Even if we do not identify ourselves as artists, we could still be faced with a part of ourselves that would rather sit back passively until a creative mood strikes us instead of meeting it halfway. This hanging back seems to be an aspect of our collective nature that we all need to face in our own way if we want to connect with our creative self. Awareness of distractions seems vital.
French philosopher, mystic, and political activist Simone Weil wrote a “List of temptations (to be read every morning). I’m not saying you should do this, I only bring it up as an example of an attempt to be aware of one’s inner workings (and potential resistance):
- Temptation of idleness (by far the strongest)
Never surrender to the flow of time. Never put off what you have decided to do.
- Temptation of the inner life
Deal only with those difficulties which actually confront you. Allow yourself only those feelings which are actually called upon for effective use or else are required by thought for the sake of inspiration. Cut away ruthlessly everything that is imaginary in your feelings.

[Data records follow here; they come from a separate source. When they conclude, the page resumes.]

(* Let $G=(V,E)$ be a prime permutation graph, let $(<_1,<_2)$ be a realizer of $G$, and let $w$ be the first element of $<_1$. Then the relations $\vartriangleleft_1^w$ and $\vartriangleleft_2^w$ are strict linear orders on $V$.
   Context: Graphs are finite, simple, undirected, with nonempty vertex set. A module of $G$ is a nonempty $M\subseteq V$ such that every vertex outside $M$ is adjacent to all or none of $M$; $G$ is prime if its only modules are $V$ and the singletons. A realizer of $G$ is a pair $(<_1,<_2)$ of strict linear orders on $V$ such that distinct $u,v$ are adjacent iff they appear in different orders in $<_1$ and $<_2$; $G$ is a permutation graph if it has a realizer. For a pair of binary relations $(\lhd_1,\lhd_2)$ on $V$: its transitive closure is $(\lhd_1^T,\lhd_2^T)$ (componentwise transitive closures); its closure under $E$ is $(\lhd_1^E,\lhd_2^E)$ where, for $i\in[2]$, $\lhd_i^E=\lhd_i\cup\{(v,u)\mid u\lhd_{3-i}v,\ \{u,v\}\in E\}\cup\{(u,v)\mid u\lhd_{3-i}v,\ \{u,v\}\notin E\}$. For $w\in V$ define $\lhd_{1,0}^w=\{(w,v)\mid v\in V, v\ne w\}$, $\lhd_{2,0}^w=\emptyset$, and for $k\ge0$, $(\lhd_{1,k+1}^w,\lhd_{2,k+1}^w)=((\lhd_{1,k}^w,\lhd_{2,k}^w)^E)^T$. These increase with $k$; $\lhd_i^w$ denotes $\lhd_{i,m}^w$ for $m$ such that the sequence has stabilized. *)

From mathcomp Require Import all_boot.
Set Implicit Arguments. Unset Strict Implicit. Unset Printing Implicit Defensive.

Definition simple_graph (T : finType) (e : rel T) : Prop :=
  symmetric e /\ irreflexive e.

Definition is_module (T : finType) (e : rel T) (M : {set T}) : Prop :=
  M != set0 /\
  forall x, x \notin M -> (forall m, m \in M -> e x m) \/ (forall m, m \in M -> ~~ e x m).

Definition prime_graph (T : finType) (e : rel T) : Prop :=
  forall M : {set T}, is_module e M -> M = setT \/ #|M| = 1.

Definition strict_linear_order (T : finType) (r : rel T) : Prop :=
  irreflexive r /\ transitive r /\ (forall x y, x != y -> r x y \/ r y x).

Definition realizer (T : finType) (e : rel T) (r1 r2 : rel T) : Prop :=
  strict_linear_order r1 /\ strict_linear_order r2 /\
  forall u v, u != v -> (e u v <-> ((r1 u v /\ r2 v u) \/ (r1 v u /\ r2 u v))).

Definition tclosure (T : finType) (r : rel T) : rel T :=
  fun x y => [exists z, r x z && connect r z y].

Definition pair_T (T : finType) (p : rel T * rel T) : rel T * rel T :=
  (tclosure p.1, tclosure p.2).

Definition pair_E (T : finType) (e : rel T) (p : rel T * rel T) : rel T * rel T :=
  ((fun x y => [|| p.1 x y, e x y && p.2 y x | ~~ e x y && p.2 x y]),
   (fun x y => [|| p.2 x y, e x y && p.1 y x | ~~ e x y && p.1 x y])).

Definition lhd0 (T : finType) (w : T) : rel T * rel T :=
  ((fun x y => (x == w) && (y != w)), (fun _ _ => false)).

Fixpoint lhd_seq (T : finType) (e : rel T) (w : T) (k : nat) : rel T * rel T :=
  match k with
  | 0 => lhd0 w
  | k'.+1 => pair_T (pair_E e (lhd_seq e w k'))
  end.

Definition stabilized_at (T : finType) (e : rel T) (w : T) (m : nat) : Prop :=
  forall k, m <= k -> forall x y,
    (lhd_seq e w k).1 x y = (lhd_seq e w m).1 x y /\
    (lhd_seq e w k).2 x y = (lhd_seq e w m).2 x y.

From mathcomp Require Import all_boot.
Set Implicit Arguments. Unset Strict Implicit. Unset Printing Implicit Defensive.

(* The relations lhd_{i,k}^w grow with k among the finitely many pairs of
   relations on V, so they stabilize; the limit (R1, R2) is transitive and
   closed under E, and induction on k gives R_i <= <_i, so both are
   irreflexive.  Closure under E makes R1- and R2-comparability coincide, so
   only totality is at stake.  If z is comparable to two incomparable
   vertices u and v, then z lies on the same side of u and v in <_1
   (transitivity through z would otherwise relate u and v), and likewise in
   <_2; hence z is adjacent to both or to neither.  So every connected
   component of the incomparability graph is a module.  By primality it is a
   singleton or all of V, and the latter is impossible because w is below
   every other vertex. *)

Section TransitiveClosure.

Variables (T : finType) (r : rel T).

Lemma tclosure_sub : subrel r (tclosure r).
Proof. by move=> x y rxy; apply/existsP; exists y; rewrite rxy connect0. Qed.

Lemma tclosure_trans : transitive (tclosure r).
Proof.
move=> y x z /existsP[a /andP[rxa ay]] /existsP[b /andP[ryb bz]].
apply/existsP; exists a; rewrite rxa /=.
exact: connect_trans ay (connect_trans (connect1 ryb) bz).
Qed.

Lemma tclosure_min (s : rel T) : subrel r s -> transitive s -> subrel (tclosure r) s.
Proof.
move=> rs trs x y /existsP[a /andP[/rs sxa /connectP[p]]].
elim: p a sxa => [|b p IHp] a sxa /=; first by move=> _ ->.
by case/andP=> /rs sab; apply: IHp; apply: trs sab.
Qed.

Lemma tclosure_fixpoint (s : rel T) :
  s =2 tclosure r -> transitive s /\ subrel r s.
Proof.
move=> fix_s; split; first by move=> y x z; rewrite !fix_s; apply: tclosure_trans.
by move=> x y /tclosure_sub; rewrite fix_s.
Qed.

End TransitiveClosure.

Lemma eq_tclosure (T : finType) (r s : rel T) : r =2 s -> tclosure r =2 tclosure s.
Proof. by move=> eq_rs x y; apply: eq_existsb => z; rewrite eq_rs (eq_connect eq_rs). Qed.

Lemma subset_chain_stalls (A : finType) (S : nat -> {set A}) :
  (forall k, S k \subset S k.+1) -> exists k, S k = S k.+1.
Proof.
move=> incS.
suff [//|] : (exists k, S k = S k.+1) \/ #|A|.+1 <= #|S #|A|.+1|.
  by rewrite ltnNge max_card.
elim: #|A|.+1 => [|n [|le_n_Sn]]; [by right | by left | ].
have [eqS | neqS] := eqVneq (S n) (S n.+1); [by left; exists n | right].
by apply: leq_ltn_trans le_n_Sn (proper_card _); rewrite properEneq neqS incS.
Qed.

Definition comparable_by (T : Type) (R : rel T) : rel T :=
  fun x y => R x y || R y x.

Definition incomparable_by (T : eqType) (R : rel T) : rel T :=
  fun x y => (x != y) && ~~ comparable_by R x y.

Section StrictLinearOrders.

Variables (T : finType) (r : rel T).
Hypothesis slo_r : strict_linear_order r.

Lemma slo_gtNlt x y : x != y -> r y x = ~~ r x y.
Proof.
have [irr_r [tr_r tot_r]] := slo_r => xy; case rxy: (r x y) => /=.
  by apply/negP => /(tr_r _ _ _ rxy); rewrite irr_r.
by case: (tot_r _ _ xy); rewrite ?rxy.
Qed.

Lemma slo_neq x y : r x y -> x != y.
Proof. by have [irr_r _] := slo_r; apply: contraTneq => ->; rewrite irr_r. Qed.

Lemma comparable_by_neq (R : rel T) x y :
  subrel R r -> comparable_by R x y -> x != y.
Proof. by move=> Rr /orP[/Rr/slo_neq // | /Rr/slo_neq]; rewrite eq_sym. Qed.

Lemma comparable_by_subrelE (R : rel T) x y :
  subrel R r -> comparable_by R x y -> R x y = r x y.
Proof.
move=> Rr cxy; have xy := comparable_by_neq Rr cxy.
case/orP: cxy => [Rxy | /Rr ryx]; first by rewrite Rxy (Rr _ _ Rxy).
have /negbTE nrxy : ~~ r x y by rewrite -slo_gtNlt.
by rewrite nrxy; apply/negbTE/negP => /Rr; rewrite nrxy.
Qed.

Lemma slo_same_side (R : rel T) z a b :
  transitive R -> subrel R r ->
  comparable_by R z a -> comparable_by R z b -> ~~ comparable_by R a b ->
  r z a = r z b.
Proof.
move=> trR Rr cza czb nab; rewrite -!(comparable_by_subrelE Rr) //.
have flip u v : comparable_by R u v -> R u v = false -> R v u by case/orP=> [->|].
case Rza: (R z a); case Rzb: (R z b) => //.
  by rewrite /comparable_by (trR z _ _ (flip _ _ czb Rzb) Rza) orbT in nab.
by rewrite /comparable_by (trR z _ _ (flip _ _ cza Rza) Rzb) in nab.
Qed.

Lemma slo_subrel (R : rel T) :
  subrel R r -> transitive R -> (forall x y, x != y -> comparable_by R x y) ->
  strict_linear_order R.
Proof.
have [irr_r _] := slo_r => Rr trR totR; split=> [x | ]; last by split=> // x y /totR /orP.
by apply/negP => /Rr; rewrite irr_r.
Qed.

End StrictLinearOrders.

Section Realizers.

Variables (T : finType) (e r1 r2 : rel T).
Hypothesis re : realizer e r1 r2.

Lemma realizer_sym : realizer e r2 r1.
Proof.
have [s1 [s2 adj]] := re; split=> //; split=> // u v uv.
by have := adj u v uv; tauto.
Qed.

Lemma realizer_adj x y : x != y -> e x y = (r1 x y != r2 x y).
Proof.
have [s1 [s2 adj]] := re => xy; have := adj _ _ xy.
rewrite (slo_gtNlt s1 xy) (slo_gtNlt s2 xy).
by case: (e x y); case: (r1 x y); case: (r2 x y) => /= -[]; rewrite /is_true; intuition.
Qed.

Lemma pair_E1_sub (p : rel T * rel T) :
  subrel p.1 r1 -> subrel p.2 r2 -> subrel (pair_E e p).1 r1.
Proof.
have [_ [s2 _]] := re.
move=> p1r p2r x y /or3P[/p1r // | /andP[exy /p2r r2yx] | /andP[nexy /p2r r2xy]].
  have yx := slo_neq s2 r2yx.
  move: exy; rewrite realizer_adj 1?eq_sym // (slo_gtNlt s2 yx) r2yx.
  by case: (r1 x y).
have xy := slo_neq s2 r2xy.
by move: nexy; rewrite realizer_adj // r2xy; case: (r1 x y).
Qed.

End Realizers.

Definition lhd_step (T : finType) (e : rel T) (p : rel T * rel T) : rel T * rel T :=
  pair_T (pair_E e p).

Lemma lhd_step_ext (T : finType) (e : rel T) (p q : rel T * rel T) :
  p.1 =2 q.1 -> p.2 =2 q.2 ->
  (lhd_step e p).1 =2 (lhd_step e q).1 /\ (lhd_step e p).2 =2 (lhd_step e q).2.
Proof. by move=> eq1 eq2; split; apply: eq_tclosure => x y /=; rewrite !eq1 !eq2. Qed.

Section LhdSequence.

Variables (T : finType) (e : rel T) (w : T).

Local Notation lhd := (lhd_seq e w).

Lemma lhd_seq_sub j k : j <= k ->
  subrel (lhd j).1 (lhd k).1 /\ subrel (lhd j).2 (lhd k).2.
Proof.
elim: k => [|k IH]; first by rewrite leqn0 => /eqP ->; split=> x y.
rewrite leq_eqVlt => /orP[/eqP -> | /IH[sub1 sub2]]; first by split=> x y.
by split=> x y; [move/sub1 | move/sub2] => lhd_xy; apply: tclosure_sub; rewrite /= lhd_xy.
Qed.

Lemma lhd_seq_stabilizes : exists m, stabilized_at e w m.
Proof.
pose S k := [set p : bool * (T * T) |
  if p.1 then (lhd k).1 p.2.1 p.2.2 else (lhd k).2 p.2.1 p.2.2].
have incS k : S k \subset S k.+1.
  have [sub1 sub2] := lhd_seq_sub (leqnSn k).
  by apply/subsetP => -[[] [x y]]; rewrite !inE; [apply: sub1 | apply: sub2].
have [m /setP eqS] := subset_chain_stalls incS.
have step1 : (lhd m.+1).1 =2 (lhd m).1.
  by move=> x y; have := eqS (true, (x, y)); rewrite !inE.
have step2 : (lhd m.+1).2 =2 (lhd m).2.
  by move=> x y; have := eqS (false, (x, y)); rewrite !inE.
suff lhd_eq d : (lhd (d + m)).1 =2 (lhd m).1 /\ (lhd (d + m)).2 =2 (lhd m).2.
  by exists m => k /subnK <- x y; have [-> ->] := lhd_eq (k - m).
elim: d => [// | d [IH1 IH2]]; have [E1 E2] := lhd_step_ext e IH1 IH2.
by split=> x y; [rewrite -step1 | rewrite -step2]; [apply: E1 | apply: E2].
Qed.

Lemma stabilized_lhd_step m : stabilized_at e w m ->
  (lhd m).1 =2 (lhd_step e (lhd m)).1 /\ (lhd m).2 =2 (lhd_step e (lhd m)).2.
Proof.
move=> stab; split=> x y; have [E1 E2] := stab _ (leqnSn m) x y.
  by rewrite -E1.
by rewrite -E2.
Qed.

Lemma lhd_seq_sub_realizer r1 r2 : realizer e r1 r2 -> (forall v, v != w -> r1 w v) ->
  forall k, subrel (lhd k).1 r1 /\ subrel (lhd k).2 r2.
Proof.
move=> re w_min; have [[_ [tr1 _]] [[_ [tr2 _]] _]] := re.
elim=> [|k [sub1 sub2]]; first by split=> x y //=; case/andP=> /eqP -> /w_min.
split; first exact: tclosure_min (pair_E1_sub re sub1 sub2) tr1.
have re21 := realizer_sym re.
exact: tclosure_min (pair_E1_sub re21 (p := ((lhd k).2, (lhd k).1)) sub2 sub1) tr2.
Qed.

End LhdSequence.

Section ClosedUnderE.

Variables (T : finType) (e : rel T).
Hypothesis e_sym : symmetric e.

Lemma pair_E2_closed_comparable (p : rel T * rel T) :
  subrel (pair_E e p).2 p.2 -> subrel p.1 (comparable_by p.2).
Proof.
move=> cl2 x y p1xy; apply/orP; case exy: (e x y).
  by right; apply: cl2; rewrite /= e_sym exy p1xy orbT.
by left; apply: cl2; rewrite /= exy p1xy !orbT.
Qed.

Lemma pair_E_closed_comparable (p : rel T * rel T) :
  subrel (pair_E e p).1 p.1 -> subrel (pair_E e p).2 p.2 ->
  comparable_by p.1 =2 comparable_by p.2.
Proof.
move=> cl1 cl2; have c12 := pair_E2_closed_comparable cl2.
have c21 := @pair_E2_closed_comparable (p.2, p.1) cl1.
have flip q u v : comparable_by q u v = comparable_by q v u by rewrite /comparable_by orbC.
by move=> x y; apply/idP/idP => /orP[] => [/c12 | /c12 | /c21 | /c21] //; rewrite flip.
Qed.

End ClosedUnderE.

Lemma incomparable_by_sym (T : eqType) (R : rel T) : symmetric (incomparable_by R).
Proof. by move=> x y; rewrite /incomparable_by /comparable_by eq_sym orbC. Qed.

Section IncomparabilityClasses.

Variables (T : finType) (e r1 r2 R1 R2 : rel T).
Hypotheses (re : realizer e r1 r2) (tr1 : transitive R1) (tr2 : transitive R2).
Hypotheses (sub1 : subrel R1 r1) (sub2 : subrel R2 r2).
Hypothesis comparableE : comparable_by R1 =2 comparable_by R2.

Local Notation I := (incomparable_by R1).

Lemma adj_incomparable_eq z u v :
  comparable_by R1 z u -> comparable_by R1 z v -> I u v -> e z u = e z v.
Proof.
have [s1 [s2 _]] := re => czu czv /andP[_ nuv].
have zu := comparable_by_neq s1 sub1 czu; have zv := comparable_by_neq s1 sub1 czv.
rewrite !(realizer_adj re) // (slo_same_side s1 tr1 sub1 czu czv nuv).
rewrite !comparableE in czu czv nuv.
by rewrite (slo_same_side s2 tr2 sub2 czu czv nuv).
Qed.

Lemma incomparability_class_module x : is_module e [set v | connect I x v].
Proof.
set M := [set v | _].
have M_closed u v : I u v -> (u \in M) = (v \in M).
  move=> Iuv; rewrite !inE.
  exact: connect_closed (sym_connect_sym (@incomparable_by_sym _ R1)) x _ _ Iuv.
have xM : x \in M by rewrite inE connect0.
have M_connect v : v \in M -> connect I x v by rewrite inE.
clearbody M; split=> [|z zM]; first by apply/set0Pn; exists x.
have cz v : v \in M -> comparable_by R1 z v.
  move=> vM; apply: contraT => nczv.
  have zv : z != v by apply: contraNneq zM => ->.
  have Izv : I z v by rewrite /incomparable_by zv nczv.
  by rewrite (M_closed _ _ Izv) vM in zM.
have cl : closed I [pred v | (v \in M) ==> (e z v == e z x)].
  move=> u v Iuv; rewrite !inE -(M_closed _ _ Iuv).
  have [uM | //] := boolP (u \in M); have vM : v \in M by rewrite -(M_closed _ _ Iuv).
  by rewrite (adj_incomparable_eq (cz _ uM) (cz _ vM) Iuv).
have e_const v : v \in M -> e z v = e z x.
  move=> vM; have := closed_connect cl (M_connect _ vM).
  by rewrite !inE xM vM eqxx => /esym/eqP.
by case ezx: (e z x); [left | right] => v /e_const ->; rewrite ezx.
Qed.

Lemma prime_comparable w : prime_graph e -> (forall v, v != w -> R1 w v) ->
  forall x y, x != y -> comparable_by R1 x y.
Proof.
move=> e_prime w_min x y xy; apply: contraT => nxy.
have Ixy : I x y by rewrite /incomparable_by xy.
have I_connect_sym := sym_connect_sym (@incomparable_by_sym _ R1).
case: (e_prime _ (incomparability_class_module x)) => [classT | /eqP/cards1P[a class1]].
- have w_isolated v : ~~ I w v.
    case: (eqVneq w v) => [<- | wv]; first by rewrite /incomparable_by eqxx.
    have Rwv : R1 w v by apply: w_min; rewrite eq_sym.
    by rewrite /incomparable_by /comparable_by Rwv andbF.
  have /connectP[[|v p] /= Ip xw] : connect I w x.
    by rewrite I_connect_sym; have := in_setT w; rewrite -classT inE.
    by rewrite xw /comparable_by w_min // -xw eq_sym in nxy.
  by rewrite (negbTE (w_isolated v)) in Ip.
- have in_class v : connect I x v -> v = a.
    by move=> xv; apply/set1P; rewrite -class1 inE.
  by move: xy; rewrite (in_class _ (connect0 _ _)) (in_class _ (connect1 Ixy)) eqxx.
Qed.

End IncomparabilityClasses.

Theorem theorem5p6 (T : finType) (e : rel T) (r1 r2 : rel T) (w : T) :
  simple_graph e ->
  prime_graph e ->
  realizer e r1 r2 ->
  (forall v, v != w -> r1 w v) ->
  (exists m, stabilized_at e w m) /\
  (forall m, stabilized_at e w m ->
     strict_linear_order (lhd_seq e w m).1 /\
     strict_linear_order (lhd_seq e w m).2).
Proof.
move=> [e_sym _] e_prime re w_min; split; first exact: lhd_seq_stabilizes.
move=> m /stabilized_lhd_step[fix1 fix2].
have [tr1 cl1] := tclosure_fixpoint fix1; have [tr2 cl2] := tclosure_fixpoint fix2.
have [sub1 sub2] := lhd_seq_sub_realizer re w_min m.
have comparableE := pair_E_closed_comparable e_sym cl1 cl2.
have lhd_w_min v : v != w -> (lhd_seq e w m).1 w v.
  by move=> vw; apply: (lhd_seq_sub e w (leq0n m)).1; rewrite /= eqxx.
have tot1 := prime_comparable re tr1 tr2 sub1 sub2 comparableE e_prime lhd_w_min.
have [s1 [s2 _]] := re; split; first exact: (slo_subrel s1 sub1 tr1 tot1).
by apply: (slo_subrel s2 sub2 tr2) => x y /tot1; rewrite comparableE.
Qed.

- Temptation of self-immolation
Subordinate to external affairs and people everything that is subjective, but never the subject itself — i.e. your judgement. Never promise and never give to another more than you would demand from yourself if you were he.
- Temptation to dominate
- Temptation of perversity
Never react to an evil in such a way as to augment it.
If our being creative on demand has to do with being shoved in a work meeting room this will likely pose more of a challenge. I personally would insist on taking the problem at hand and then leaving the building to relax and mull it over on my own. Strolling aimlessly is one of my portals to creative insight. Perhaps it’s currently too ideal to ask that my colleagues/co-workers are all somewhat aware of their personal gateways to becoming available to new ideas and connections. On the other hand, it seems like a big waste of time to settle for swapping opinions. As Albert Einstein pointed out: “No problem can be solved from the same level of consciousness that created it.” And he allegedly came to some of his greatest discoveries while taking a break to play his violin.
To harmonize the whole is the task of art.